How will you explain the advantages of US-guided nerve block to Ronen? You explain to Ronan that using electrical nerve stimulation for identification of individual nerves is probably outdated. Instead, you are going to use high-resolution ultrasound scanner to identify and block the individual nerve roots as they come out of the spinal canal. Advantages of US are the precision with which you can visualize and identify the needle, nerves, blood vessels, and other structures. It helps you to see the local anesthetic spread around the nerves. So there is less chance of any damage to nerves or pleura with the needle and less risk of injecting the local anesthetic into a blood vessel. You would be able to pass the specialized catheter under direct image guidance and leave it close to the nerve plexus for postoperative pain relief.
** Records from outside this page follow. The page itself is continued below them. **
(* Let $V$ be a real vector space of dimension $m\ge3$ with a positive definite inner product, and let $R\neq0$ be a Jacobi-Tsankov algebraic curvature tensor on $V$ such that $r(x)<m-1$ for all $x\in V$. Let $x\in S(V)$ with $r(x)\neq0$, and set $W(x)=\mathbb{R}x\oplus\operatorname{Range}(J(x))$. If $w$ is a unit vector in $W(x)$, then: \begin{enumerate} \item $\operatorname{Range}(J(w))\subset W(x)$ and $J(w)$ vanishes on $W(x)^\perp$; \item $J(w)$ is similar to $J(x)$; \item $J(x)$ has exactly two eigenvalues. \end{enumerate}
   Context: An algebraic curvature tensor is $R\in\otimes^4V^*$ satisfying $R(x,y,z,w)=R(z,w,x,y)=-R(y,x,z,w)$ and $R(x,y,z,w)+R(y,z,x,w)+R(z,x,y,w)=0$. The curvature operator $\mathcal{R}(x,y)$ is defined by $\langle\mathcal{R}(x,y)z,w\rangle=R(x,y,z,w)$; the Jacobi operator is $J(x):y\mapsto\mathcal{R}(y,x)x$, and $r(x)=\operatorname{Rank}J(x)$. $S(V)$ is the unit sphere of $V$. $R$ is Jacobi-Tsankov if $x\perp y$ implies $J(x)J(y)=J(y)J(x)$. *)

From HB Require Import structures.
From mathcomp Require Import all_boot all_order all_algebra.
From mathcomp Require Export mxred.
From mathcomp Require Export reals.
Set Implicit Arguments. Unset Strict Implicit. Unset Printing Implicit Defensive.
Import Order.TTheory GRing.Theory Num.Theory.
Local Open Scope ring_scope.

Definition dot (R : realType) (m : nat) (u v : 'rV[R]_m) : R := (u *m v^T) 0 0.

Definition tensor4 (R : realType) (m : nat) :=
  'rV[R]_m -> 'rV[R]_m -> 'rV[R]_m -> 'rV[R]_m -> R.

Definition multilinear4 (R : realType) (m : nat) (T : tensor4 R m) : Prop :=
  (forall (a : R) u v y z w, T (a *: u + v) y z w = a * T u y z w + T v y z w) /\
  (forall (a : R) x u v z w, T x (a *: u + v) z w = a * T x u z w + T x v z w) /\
  (forall (a : R) x y u v w, T x y (a *: u + v) w = a * T x y u w + T x y v w) /\
  (forall (a : R) x y z u v, T x y z (a *: u + v) = a * T x y z u + T x y z v).

Definition is_ACT (R : realType) (m : nat) (T : tensor4 R m) : Prop :=
  multilinear4 T /\
  (forall x y z w, T x y z w = T z w x y) /\
  (forall x y z w, T x y z w = - T y x z w) /\
  (forall x y z w, T x y z w + T y z x w + T z x y w = 0).

(* Jacobi operator J(x) : y |-> R(y,x)x, as a matrix acting on row vectors
   (y *m jacobi T x is the vector R(y,x)x, since <R(y,x)x, w> = T y x x w). *)
Definition jacobi (R : realType) (m : nat) (T : tensor4 R m) (x : 'rV[R]_m)
  : 'M[R]_m :=
  \matrix_(i < m, l < m) T (delta_mx 0 i) x x (delta_mx 0 l).

Definition jrank (R : realType) (m : nat) (T : tensor4 R m) (x : 'rV[R]_m) : nat :=
  \rank (jacobi T x).

Definition jacobi_tsankov (R : realType) (m : nat) (T : tensor4 R m) : Prop :=
  forall x y : 'rV[R]_m, dot x y = 0 ->
    jacobi T x *m jacobi T y = jacobi T y *m jacobi T x.

Definition Wspace (R : realType) (m : nat) (T : tensor4 R m) (x : 'rV[R]_m)
  : 'M[R]_m := (x + jacobi T x)%MS.

(* Write J(z) for the Jacobi operator and J(e,f) : y |-> R(y,e)f + R(y,f)e for its
   polarization.  Polarizing the Jacobi-Tsankov identity J(z)J(q) = J(q)J(z) (z ⊥ q)
   shows that J(e,f) commutes with J(z) when z ⊥ e, f and, at the orthogonal pair
   z + q, |z|^2 q - |q|^2 z, that J(z,q) commutes with |q|^2 J(z) + |z|^2 J(q).
   Consequently p ⊥ q and J(q)p = 0 imply J(p)q = 0, which makes J(w) vanish on W(x)^⊥
   and map into W(x), and all nonzero eigenvalues of the symmetric operator J(z),
   |z| = 1, coincide: J(x)^2 = λ J(x) with λ ≠ 0.  For a unit w = a x + u in W(x),
   with u in Range J(x), the vector -|u|^2 x + a u is a λ-eigenvector of J(w); hence
   J(w)^2 = λ J(w) and W(w) = W(x), so J(w) and J(x) are λ times projections of the
   same rank. *)

From HB Require Import structures.
From mathcomp Require Import all_boot all_order all_algebra.
From mathcomp Require Import mxred reals.
From mathcomp Require Import ring lra spectral complex.
Set Implicit Arguments. Unset Strict Implicit. Unset Printing Implicit Defensive.
Import Order.TTheory GRing.Theory Num.Theory.
Local Open Scope ring_scope.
US-guided techniques have higher success rates. The other advantage is that it is least distressing to the patient as he will not be experiencing any of the uncomfortable and painful shocks and muscle jerks.

You stress the importance of avoiding a general anesthetic and the need for an effective and side effect-free postoperative pain relief so that his recovery is hastened without any respiratory complication due to inadequate pain control. Ronan agrees for an ultrasound-guided interscalene block.

What are the disadvantages of ultrasound-guided nerve block?

Sometimes nerves and tendons may have similar echo patterns making their identification difficult. Bones can cast acoustic shadows under it, obscuring the view of underlying structures. On occasions, abnormal anatomy may confuse the operator. Proficiency in this technique will require training and practice. Moreover, the cost of the equipment such as the ultrasound scanner, specialized echogenic needles, and catheters is another drawback.

How can you overcome these difficulties?

Resolution of ultrasound can be increased by using higher frequency ultrasound waves. Penetration to visualize deeper structures can be increased by using lower frequencies (these two properties are in conflict). Penetration and resolution can be adjusted on the ultrasound machine. Echogenic needles have specialized patterns on their surface, thereby reflecting back the sound waves. One of the techniques to make catheters echogenic is to incorporate tiny air bubbles into them during fabrication, thereby creating air-surface interfaces.

Satisfied with your reasoning and explanation, Ronen undergoes surgery with a successful ultrasound-guided interscalene brachial plexus block. A catheter is passed for continuous infusion of local anesthetic for postoperative analgesia. You administer target-controlled propofol infusion to keep him sedated during the procedure.